_Exercise goal:_
Where the records below show the word "eapply" in a line, please copy that line.

════════════════════

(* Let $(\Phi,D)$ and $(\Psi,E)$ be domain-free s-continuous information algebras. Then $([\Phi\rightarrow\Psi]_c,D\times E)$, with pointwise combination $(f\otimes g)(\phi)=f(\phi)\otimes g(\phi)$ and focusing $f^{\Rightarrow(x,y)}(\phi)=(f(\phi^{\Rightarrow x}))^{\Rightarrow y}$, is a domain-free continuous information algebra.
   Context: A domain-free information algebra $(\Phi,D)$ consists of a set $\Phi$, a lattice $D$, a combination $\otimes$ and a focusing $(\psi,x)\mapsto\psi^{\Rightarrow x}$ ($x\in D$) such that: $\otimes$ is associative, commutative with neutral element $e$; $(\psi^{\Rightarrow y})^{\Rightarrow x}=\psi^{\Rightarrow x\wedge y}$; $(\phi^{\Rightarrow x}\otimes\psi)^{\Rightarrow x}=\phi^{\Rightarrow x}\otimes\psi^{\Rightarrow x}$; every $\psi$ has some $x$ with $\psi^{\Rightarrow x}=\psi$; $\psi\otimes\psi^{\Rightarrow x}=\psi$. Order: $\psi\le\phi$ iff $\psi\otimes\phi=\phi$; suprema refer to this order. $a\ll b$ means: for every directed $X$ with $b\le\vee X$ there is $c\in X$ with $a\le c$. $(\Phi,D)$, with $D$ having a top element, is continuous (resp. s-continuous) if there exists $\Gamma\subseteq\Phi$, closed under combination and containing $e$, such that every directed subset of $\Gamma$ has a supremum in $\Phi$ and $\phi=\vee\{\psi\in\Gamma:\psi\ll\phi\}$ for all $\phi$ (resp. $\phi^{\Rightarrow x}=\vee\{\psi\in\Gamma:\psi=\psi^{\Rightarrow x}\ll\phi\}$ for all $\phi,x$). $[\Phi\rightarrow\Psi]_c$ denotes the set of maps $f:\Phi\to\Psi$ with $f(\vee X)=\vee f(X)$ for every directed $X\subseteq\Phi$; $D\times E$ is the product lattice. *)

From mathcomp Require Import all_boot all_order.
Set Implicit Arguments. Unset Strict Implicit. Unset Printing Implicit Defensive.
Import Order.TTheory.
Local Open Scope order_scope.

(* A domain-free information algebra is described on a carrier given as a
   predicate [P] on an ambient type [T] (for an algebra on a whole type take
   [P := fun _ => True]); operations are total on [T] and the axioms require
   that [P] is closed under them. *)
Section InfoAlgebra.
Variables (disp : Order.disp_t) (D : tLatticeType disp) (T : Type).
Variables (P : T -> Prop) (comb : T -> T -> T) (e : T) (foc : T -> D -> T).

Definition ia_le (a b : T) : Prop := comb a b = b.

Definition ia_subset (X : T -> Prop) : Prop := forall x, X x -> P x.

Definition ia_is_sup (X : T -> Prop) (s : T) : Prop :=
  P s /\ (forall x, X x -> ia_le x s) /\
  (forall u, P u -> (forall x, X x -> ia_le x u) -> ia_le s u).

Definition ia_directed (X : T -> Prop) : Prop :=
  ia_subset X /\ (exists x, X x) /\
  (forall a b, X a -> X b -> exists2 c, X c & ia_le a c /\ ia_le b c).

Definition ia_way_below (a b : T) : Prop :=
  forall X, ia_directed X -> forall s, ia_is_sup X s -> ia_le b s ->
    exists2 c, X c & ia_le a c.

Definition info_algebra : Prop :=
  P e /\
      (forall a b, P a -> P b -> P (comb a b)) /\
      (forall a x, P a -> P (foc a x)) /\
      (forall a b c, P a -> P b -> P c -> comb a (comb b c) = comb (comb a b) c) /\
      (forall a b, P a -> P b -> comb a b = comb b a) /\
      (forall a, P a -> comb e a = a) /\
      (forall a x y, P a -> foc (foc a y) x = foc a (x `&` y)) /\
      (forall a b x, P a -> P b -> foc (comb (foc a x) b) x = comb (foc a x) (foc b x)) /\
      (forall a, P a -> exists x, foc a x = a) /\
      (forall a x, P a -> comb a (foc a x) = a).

════════════════════

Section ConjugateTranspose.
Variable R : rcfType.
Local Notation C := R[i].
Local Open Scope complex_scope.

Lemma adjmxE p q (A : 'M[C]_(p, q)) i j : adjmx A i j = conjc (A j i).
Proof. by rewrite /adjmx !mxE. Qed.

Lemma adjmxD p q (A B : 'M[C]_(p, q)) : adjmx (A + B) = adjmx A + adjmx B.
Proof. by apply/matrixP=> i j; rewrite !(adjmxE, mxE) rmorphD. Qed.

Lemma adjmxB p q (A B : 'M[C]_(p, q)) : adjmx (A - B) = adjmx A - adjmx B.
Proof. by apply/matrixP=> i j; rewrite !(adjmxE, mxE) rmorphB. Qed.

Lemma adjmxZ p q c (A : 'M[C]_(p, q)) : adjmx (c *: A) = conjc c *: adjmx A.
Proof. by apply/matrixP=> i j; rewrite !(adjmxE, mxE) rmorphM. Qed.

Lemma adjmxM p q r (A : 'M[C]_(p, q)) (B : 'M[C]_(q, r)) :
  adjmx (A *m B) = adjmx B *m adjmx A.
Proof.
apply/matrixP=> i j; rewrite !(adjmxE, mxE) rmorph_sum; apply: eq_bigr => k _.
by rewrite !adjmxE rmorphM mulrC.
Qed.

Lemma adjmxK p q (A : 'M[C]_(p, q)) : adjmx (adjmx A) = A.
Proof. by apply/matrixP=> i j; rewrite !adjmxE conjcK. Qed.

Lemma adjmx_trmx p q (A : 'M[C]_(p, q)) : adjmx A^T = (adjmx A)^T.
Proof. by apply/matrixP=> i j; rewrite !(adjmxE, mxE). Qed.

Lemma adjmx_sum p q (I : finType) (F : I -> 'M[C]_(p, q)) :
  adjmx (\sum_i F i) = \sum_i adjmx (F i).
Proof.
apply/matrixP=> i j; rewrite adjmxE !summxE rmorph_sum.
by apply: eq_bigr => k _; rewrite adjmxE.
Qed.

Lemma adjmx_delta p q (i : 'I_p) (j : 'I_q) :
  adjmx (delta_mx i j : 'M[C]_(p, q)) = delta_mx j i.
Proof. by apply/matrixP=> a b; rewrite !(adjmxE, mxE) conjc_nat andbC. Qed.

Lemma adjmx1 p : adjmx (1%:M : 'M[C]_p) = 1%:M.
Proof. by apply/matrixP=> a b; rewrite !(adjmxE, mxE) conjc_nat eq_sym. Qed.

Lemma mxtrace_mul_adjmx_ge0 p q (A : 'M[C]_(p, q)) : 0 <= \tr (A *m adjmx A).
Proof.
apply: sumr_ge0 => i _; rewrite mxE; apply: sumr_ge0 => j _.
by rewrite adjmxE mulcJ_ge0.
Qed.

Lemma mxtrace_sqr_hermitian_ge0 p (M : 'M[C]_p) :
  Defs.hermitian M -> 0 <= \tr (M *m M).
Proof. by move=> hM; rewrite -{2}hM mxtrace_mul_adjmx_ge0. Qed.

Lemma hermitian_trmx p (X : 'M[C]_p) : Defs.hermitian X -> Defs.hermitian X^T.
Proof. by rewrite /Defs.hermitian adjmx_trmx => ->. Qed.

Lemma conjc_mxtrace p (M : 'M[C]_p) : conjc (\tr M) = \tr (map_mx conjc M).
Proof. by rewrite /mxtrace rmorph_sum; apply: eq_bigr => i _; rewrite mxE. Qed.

════════════════════

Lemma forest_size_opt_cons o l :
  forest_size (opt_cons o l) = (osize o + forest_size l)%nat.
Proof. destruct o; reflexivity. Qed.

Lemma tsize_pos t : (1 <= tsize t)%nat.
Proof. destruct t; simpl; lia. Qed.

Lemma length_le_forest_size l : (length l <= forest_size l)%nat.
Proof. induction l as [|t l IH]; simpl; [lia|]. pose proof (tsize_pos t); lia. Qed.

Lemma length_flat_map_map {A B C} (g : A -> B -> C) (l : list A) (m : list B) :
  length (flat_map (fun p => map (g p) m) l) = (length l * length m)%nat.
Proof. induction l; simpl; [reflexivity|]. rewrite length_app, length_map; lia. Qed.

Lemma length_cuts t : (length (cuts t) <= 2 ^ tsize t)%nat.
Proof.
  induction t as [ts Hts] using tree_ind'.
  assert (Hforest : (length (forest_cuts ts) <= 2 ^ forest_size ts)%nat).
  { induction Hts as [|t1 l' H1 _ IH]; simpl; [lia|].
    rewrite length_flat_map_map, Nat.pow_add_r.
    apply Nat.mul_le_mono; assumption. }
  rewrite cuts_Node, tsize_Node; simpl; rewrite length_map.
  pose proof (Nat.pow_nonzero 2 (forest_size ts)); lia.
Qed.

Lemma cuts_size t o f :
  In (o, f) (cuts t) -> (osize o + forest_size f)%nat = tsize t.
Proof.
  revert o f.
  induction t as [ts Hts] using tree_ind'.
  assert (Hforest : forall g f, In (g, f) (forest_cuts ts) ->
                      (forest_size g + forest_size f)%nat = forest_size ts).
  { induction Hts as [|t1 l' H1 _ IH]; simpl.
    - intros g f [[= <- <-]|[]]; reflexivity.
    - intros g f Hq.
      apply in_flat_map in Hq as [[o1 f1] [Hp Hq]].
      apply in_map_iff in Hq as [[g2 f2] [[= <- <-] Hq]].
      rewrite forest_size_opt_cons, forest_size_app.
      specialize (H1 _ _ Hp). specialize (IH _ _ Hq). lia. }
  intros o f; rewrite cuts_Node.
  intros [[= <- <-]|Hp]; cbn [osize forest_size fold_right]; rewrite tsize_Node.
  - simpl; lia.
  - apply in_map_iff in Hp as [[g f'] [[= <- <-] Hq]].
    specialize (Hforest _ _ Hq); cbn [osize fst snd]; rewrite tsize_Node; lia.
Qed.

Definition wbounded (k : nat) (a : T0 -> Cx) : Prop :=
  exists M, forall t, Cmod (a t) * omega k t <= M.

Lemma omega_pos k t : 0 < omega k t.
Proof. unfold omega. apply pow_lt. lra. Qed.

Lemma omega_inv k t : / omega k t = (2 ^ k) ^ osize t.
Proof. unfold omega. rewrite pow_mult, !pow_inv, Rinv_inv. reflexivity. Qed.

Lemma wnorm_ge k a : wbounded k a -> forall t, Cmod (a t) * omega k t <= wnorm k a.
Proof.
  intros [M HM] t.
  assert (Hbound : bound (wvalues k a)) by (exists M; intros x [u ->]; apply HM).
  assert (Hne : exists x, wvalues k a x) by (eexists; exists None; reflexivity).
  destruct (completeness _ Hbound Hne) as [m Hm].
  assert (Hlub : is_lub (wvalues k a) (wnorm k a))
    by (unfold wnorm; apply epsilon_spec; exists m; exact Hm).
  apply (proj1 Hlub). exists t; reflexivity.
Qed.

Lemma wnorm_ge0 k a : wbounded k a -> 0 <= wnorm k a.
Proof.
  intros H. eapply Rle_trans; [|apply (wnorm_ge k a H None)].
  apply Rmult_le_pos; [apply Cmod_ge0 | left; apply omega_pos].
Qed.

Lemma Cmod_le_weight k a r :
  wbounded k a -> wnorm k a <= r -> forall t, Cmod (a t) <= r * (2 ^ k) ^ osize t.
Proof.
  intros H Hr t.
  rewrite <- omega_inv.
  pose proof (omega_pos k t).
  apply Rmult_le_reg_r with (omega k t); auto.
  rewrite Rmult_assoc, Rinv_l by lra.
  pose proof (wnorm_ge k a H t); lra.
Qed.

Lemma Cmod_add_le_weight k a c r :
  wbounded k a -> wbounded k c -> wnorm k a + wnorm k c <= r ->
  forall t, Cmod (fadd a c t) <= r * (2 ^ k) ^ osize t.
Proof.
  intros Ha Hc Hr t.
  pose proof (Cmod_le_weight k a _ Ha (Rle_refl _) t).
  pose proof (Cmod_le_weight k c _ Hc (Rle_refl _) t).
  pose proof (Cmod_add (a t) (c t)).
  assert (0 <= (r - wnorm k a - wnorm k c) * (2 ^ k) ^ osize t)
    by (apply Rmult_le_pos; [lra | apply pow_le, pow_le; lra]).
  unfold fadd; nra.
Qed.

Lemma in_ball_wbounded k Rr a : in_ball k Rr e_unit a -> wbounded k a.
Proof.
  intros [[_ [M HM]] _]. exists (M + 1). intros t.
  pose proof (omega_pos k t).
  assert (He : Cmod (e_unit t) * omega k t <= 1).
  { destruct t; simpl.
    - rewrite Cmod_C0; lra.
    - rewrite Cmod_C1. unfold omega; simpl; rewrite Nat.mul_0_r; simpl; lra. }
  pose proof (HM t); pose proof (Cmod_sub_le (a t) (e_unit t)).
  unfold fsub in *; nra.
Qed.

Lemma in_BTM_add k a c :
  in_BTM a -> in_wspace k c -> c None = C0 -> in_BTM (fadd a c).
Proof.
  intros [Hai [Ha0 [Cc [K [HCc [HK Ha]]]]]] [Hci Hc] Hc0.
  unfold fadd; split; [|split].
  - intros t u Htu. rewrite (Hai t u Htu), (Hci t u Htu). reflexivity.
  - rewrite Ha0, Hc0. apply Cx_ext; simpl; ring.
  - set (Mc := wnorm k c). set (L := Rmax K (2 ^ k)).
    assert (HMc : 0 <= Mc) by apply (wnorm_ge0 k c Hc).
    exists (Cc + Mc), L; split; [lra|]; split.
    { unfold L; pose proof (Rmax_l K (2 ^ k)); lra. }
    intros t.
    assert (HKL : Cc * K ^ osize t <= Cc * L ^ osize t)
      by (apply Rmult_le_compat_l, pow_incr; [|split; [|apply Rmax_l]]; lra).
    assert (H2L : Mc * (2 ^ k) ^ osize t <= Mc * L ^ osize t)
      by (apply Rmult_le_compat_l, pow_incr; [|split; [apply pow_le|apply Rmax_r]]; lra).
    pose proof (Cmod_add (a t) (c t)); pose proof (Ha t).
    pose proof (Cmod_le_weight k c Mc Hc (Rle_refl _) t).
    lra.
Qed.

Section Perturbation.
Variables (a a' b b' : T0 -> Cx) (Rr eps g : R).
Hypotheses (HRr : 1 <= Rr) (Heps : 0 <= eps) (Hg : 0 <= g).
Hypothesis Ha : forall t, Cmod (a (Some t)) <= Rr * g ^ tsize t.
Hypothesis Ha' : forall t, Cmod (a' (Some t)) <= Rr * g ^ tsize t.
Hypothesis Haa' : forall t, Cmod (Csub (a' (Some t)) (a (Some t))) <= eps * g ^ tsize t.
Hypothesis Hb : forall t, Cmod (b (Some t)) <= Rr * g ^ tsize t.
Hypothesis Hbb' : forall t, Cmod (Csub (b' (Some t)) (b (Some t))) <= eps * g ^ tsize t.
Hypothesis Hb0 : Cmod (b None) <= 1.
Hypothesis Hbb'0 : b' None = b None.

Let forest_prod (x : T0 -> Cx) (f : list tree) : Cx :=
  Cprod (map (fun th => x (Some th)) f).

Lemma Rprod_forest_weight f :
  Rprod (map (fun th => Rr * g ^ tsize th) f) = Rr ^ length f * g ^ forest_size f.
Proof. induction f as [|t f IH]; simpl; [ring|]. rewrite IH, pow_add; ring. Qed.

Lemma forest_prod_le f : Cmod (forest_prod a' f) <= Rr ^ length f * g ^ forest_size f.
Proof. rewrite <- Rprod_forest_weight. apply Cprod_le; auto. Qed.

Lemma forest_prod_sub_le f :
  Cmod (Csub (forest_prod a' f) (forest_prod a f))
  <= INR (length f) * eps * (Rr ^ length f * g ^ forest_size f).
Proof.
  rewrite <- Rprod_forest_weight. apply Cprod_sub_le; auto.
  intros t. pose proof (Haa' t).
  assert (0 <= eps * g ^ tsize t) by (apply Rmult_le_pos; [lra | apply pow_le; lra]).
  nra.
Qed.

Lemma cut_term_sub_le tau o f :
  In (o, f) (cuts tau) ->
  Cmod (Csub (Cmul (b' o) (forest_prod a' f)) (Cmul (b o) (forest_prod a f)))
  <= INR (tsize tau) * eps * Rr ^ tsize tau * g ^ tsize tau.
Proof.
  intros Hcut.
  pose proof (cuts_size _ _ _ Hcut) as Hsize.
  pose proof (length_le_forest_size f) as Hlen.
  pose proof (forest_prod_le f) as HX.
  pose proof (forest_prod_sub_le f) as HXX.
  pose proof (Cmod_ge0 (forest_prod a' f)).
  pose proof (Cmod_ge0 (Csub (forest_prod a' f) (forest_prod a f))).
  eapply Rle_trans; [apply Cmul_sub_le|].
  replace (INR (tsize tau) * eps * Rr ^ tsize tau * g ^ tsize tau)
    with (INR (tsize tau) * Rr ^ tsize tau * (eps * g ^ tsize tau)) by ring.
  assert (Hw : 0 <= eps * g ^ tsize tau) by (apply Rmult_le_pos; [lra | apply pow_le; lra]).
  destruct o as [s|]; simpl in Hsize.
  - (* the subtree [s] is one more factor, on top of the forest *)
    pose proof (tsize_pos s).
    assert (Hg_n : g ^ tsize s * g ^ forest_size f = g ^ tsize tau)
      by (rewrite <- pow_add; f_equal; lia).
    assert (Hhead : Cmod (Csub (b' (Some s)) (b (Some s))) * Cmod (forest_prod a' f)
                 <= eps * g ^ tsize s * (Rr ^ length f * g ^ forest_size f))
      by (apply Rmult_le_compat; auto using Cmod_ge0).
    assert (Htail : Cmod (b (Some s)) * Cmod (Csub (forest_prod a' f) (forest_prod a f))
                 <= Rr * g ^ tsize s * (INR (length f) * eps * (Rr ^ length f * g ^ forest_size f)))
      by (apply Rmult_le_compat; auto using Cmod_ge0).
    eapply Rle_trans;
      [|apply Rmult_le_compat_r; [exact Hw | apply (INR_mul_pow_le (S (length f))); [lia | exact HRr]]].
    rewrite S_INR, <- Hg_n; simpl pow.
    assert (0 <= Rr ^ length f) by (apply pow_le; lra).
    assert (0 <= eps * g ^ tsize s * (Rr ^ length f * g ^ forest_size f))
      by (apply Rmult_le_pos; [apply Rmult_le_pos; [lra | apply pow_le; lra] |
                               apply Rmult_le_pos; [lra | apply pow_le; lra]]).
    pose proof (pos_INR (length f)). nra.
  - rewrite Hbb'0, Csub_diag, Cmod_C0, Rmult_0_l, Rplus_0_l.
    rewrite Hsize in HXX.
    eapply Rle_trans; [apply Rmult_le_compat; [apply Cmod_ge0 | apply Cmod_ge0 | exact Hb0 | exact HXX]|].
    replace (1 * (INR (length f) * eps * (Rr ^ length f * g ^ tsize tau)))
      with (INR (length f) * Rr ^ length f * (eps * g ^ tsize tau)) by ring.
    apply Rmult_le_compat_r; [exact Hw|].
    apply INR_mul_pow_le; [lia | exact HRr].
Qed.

════════════════════

_Task solution:_
  intros H. eapply Rle_trans; [|apply (wnorm_ge k a H None)].
  eapply Rle_trans; [apply Cmul_sub_le|].
    eapply Rle_trans;
    eapply Rle_trans; [apply Rmult_le_compat; [apply Cmod_ge0 | apply Cmod_ge0 | exact Hb0 | exact HXX]|].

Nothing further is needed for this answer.